Western Colonialism, ISIS, and the Break-Up of a State System in the Middle East

Written by | Monday, November 30th, 2015

EUBULLETIN has talked to Emeritus Professor Shlomo Avineri from The Hebrew University of Jerusalem in Israel mainly about the consequences of Western colonialism for the contemporary security quagmire in the Middle East that, according to him, has brought about a break-up of the state system in the region.

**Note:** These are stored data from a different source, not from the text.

Lemma is_kq_oneA : is_kq (oneA k : kq Q k).
Proof.
rewrite /oneA /kone; split; last by move=> [e [|a l]] //=; rewrite eqxx.
exists [seq vtx e | e <- enum (qv Q)] => -[e [|a l]] /=; last by rewrite eqxx.
by move=> _; apply: map_f; rewrite mem_enum.
Qed.

Lemma is_kq_scale c f : is_kq f -> is_kq (kscale c f).
Proof.
move=> [[s h1] h2]; split; [exists s => p|move=> p].
  by rewrite /kscale mulf_eq0 negb_or => /andP[_ /h1].
by rewrite /kscale mulf_eq0 negb_or => /andP[_ /h2].
Qed.

Lemma is_kq_sub f g : is_kq f -> is_kq g -> is_kq (ksub f g).
Proof.
have ksub_neq0 p : ksub f g p != 0 -> f p != 0 \/ g p != 0.
  by rewrite /ksub; have [->|] := eqVneq (f p) 0; [rewrite sub0r oppr_eq0; right|left].
move=> [[s1 h1] v1] [[s2 h2] v2]; split; last by move=> p /ksub_neq0 [/v1|/v2].
by exists (s1 ++ s2) => p /ksub_neq0 [/h1|/h2]; rewrite mem_cat => ->; rewrite ?orbT.
Qed.

End PathAlgebra.

Section NormalForms.
Variable Q : quiver.
Variable k : fieldType.
Variable ord : rel (qpath Q).
Variables I G : kq Q k -> Prop.
Hypothesis Hadm : admissible ord.
Hypothesis HI : is_ideal I.
Hypothesis HGS : reduced_GS ord I G.
Local Open Scope ring_scope.
Implicit Types (f g h : kq Q k) (p q : qpath Q).

Lemma I_ext f g : (forall p, f p = g p) -> I f -> I g.
Proof. by case: HI => H _; apply: H. Qed.
Lemma I_is_kq f : I f -> is_kq f.
Proof. by case: HI => _ [H _]; apply: H. Qed.
Lemma I_zero : I (@kzero Q k).
Proof. by case: HI => _ [_ []]. Qed.
Lemma I_add f g : I f -> I g -> I (kadd f g).
Proof. by case: HI => _ [_ [_ [H _]]]; apply: H. Qed.
Lemma I_scale c f : I f -> I (kscale c f).
Proof. by case: HI => _ [_ [_ [_ [H _]]]]; apply: H. Qed.
Lemma I_plen f p : I f -> f p != 0 -> (2 <= plen p)%N.
Proof. by case: HI => _ [_ [_ [_ [_ [_ H]]]]]; apply: H. Qed.

Lemma I_sub f g : I f -> I g -> I (ksub f g).
Proof.
move=> If Ig; apply: (@I_ext (kadd f (kscale (-1) g))); last exact: I_add (I_scale _ Ig).
by move=> p; rewrite /kadd /kscale /ksub mulN1r.
Qed.

Lemma I_ksubxx f : I (ksub f f).
Proof. by apply: (I_ext _ I_zero) => p; rewrite /ksub subrr. Qed.

Lemma I_ksubD f f' g : I (ksub f f') -> I (ksub f' g) -> I (ksub f g).
Proof.
move=> I1 I2; apply: (I_ext _ (I_add I1 I2)) => p.
by rewrite /kadd /ksub addrA subrK.
Qed.

Lemma I_sandwich a b g : valid a -> valid b -> I g ->
  I (kmul (kmul (pel k a) g) (pel k b)).
Proof.
case: HI => _ [_ [_ [_ [_ [H _]]]]] va vb Ig.
exact: (H _ _ (is_kq_pel k vb) (H _ _ (is_kq_pel k va) Ig).1).2.
Qed.

Lemma ord_irr p : valid p -> ~~ ord p p.
Proof. by case: Hadm => H _; apply: H. Qed.
Lemma ord_trans p q r : valid p -> valid q -> valid r -> ord p q -> ord q r -> ord p r.
Proof. by case: Hadm => _ [H _]; apply: H. Qed.
Lemma ord_total p q : valid p -> valid q -> p <> q -> ord p q \/ ord q p.
Proof. by case: Hadm => _ [_ [H _]]; apply: H. Qed.
Lemma ord_pcat p q u v : valid p -> valid q -> valid u -> valid v -> ord p q ->
  pend u = p.1 -> pend u = q.1 -> pend p = v.1 -> pend q = v.1 ->
  ord (pcat (pcat u p) v) (pcat (pcat u q) v).
Proof. by case: Hadm => _ [_ [_ [_ H]]]; apply: H. Qed.

Lemma ord_wf_ind (P : qpath Q -> Prop) :
  (forall m, valid m -> (forall q, valid q -> ord q m -> P q) -> P m) ->
  forall m, valid m -> P m.
Proof.
move=> H m vm; apply: NNPP => nPm; case: Hadm => _ [_ [_ [Hmin _]]].
have [m0 [vm0 [nPm0 m0_min]]] := Hmin (fun p => ~ P p) (ex_intro _ m (conj vm nPm)).
apply: nPm0; apply: H => // q vq qm0; apply: NNPP => nPq.
by move: (m0_min q vq nPq); rewrite qm0.
Qed.

Lemma ord_max_exists (P : qpath Q -> Prop) (s : seq (qpath Q)) :
  (forall x, P x -> x \in s) -> (forall x, P x -> valid x) -> (exists x, P x) ->
  exists2 m, P m & forall q, P q -> q = m \/ ord q m.
Proof.
elim: s P => [|a s IH] P Ps Pv [x Px]; first by have := Ps x Px.
have [[y [Py ya]]|only_a] := classic (exists y, P y /\ y <> a); last first.
  have Pa y : P y -> y = a by move=> Py; apply: NNPP => ya; apply: only_a; exists y.
  by exists a => [|q /Pa ->]; [rewrite -(Pa x Px) | left].
have [m [Pm ma] m_max] : exists2 m, P m /\ m <> a &
    forall q, P q /\ q <> a -> q = m \/ ord q m.
  apply: IH; last by exists y.
    by move=> z [Pz za]; move: (Ps z Pz); rewrite inE => /predU1P [].
  by move=> z [Pz _]; apply: Pv.
have [Pa|nPa] := classic (P a); last first.
  by exists m => // q Pq; apply: m_max; split=> // qa; apply: nPa; rewrite -qa.
case: (ord_total (Pv _ Pm) (Pv _ Pa) ma) => [ma'|am]; last first.
  by exists m => // q Pq; have [->|qa] := classic (q = a); [right | apply: m_max].
exists a => // q Pq; have [->|qa] := classic (q = a); [by left | right].
case: (m_max q (conj Pq qa)) => [->//|qm].
exact: ord_trans (Pv _ Pq) (Pv _ Pm) (Pv _ Pa) qm ma'.
Qed.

EUBULLETIN: 150 years ago, during the height of European colonialism, Great Britain or France states could intervene militarily anywhere the world with little fear that London or Berlin would be bombed or civilians would be shot on the street. But now, even the increased security measures and intensified intelligence activities imposed in the aftermath of Charlie Hebdo were insufficient to save the Bataclan concert goers. To what degree can we trace the current upheavals across the Middle East and North Africa to European colonial era?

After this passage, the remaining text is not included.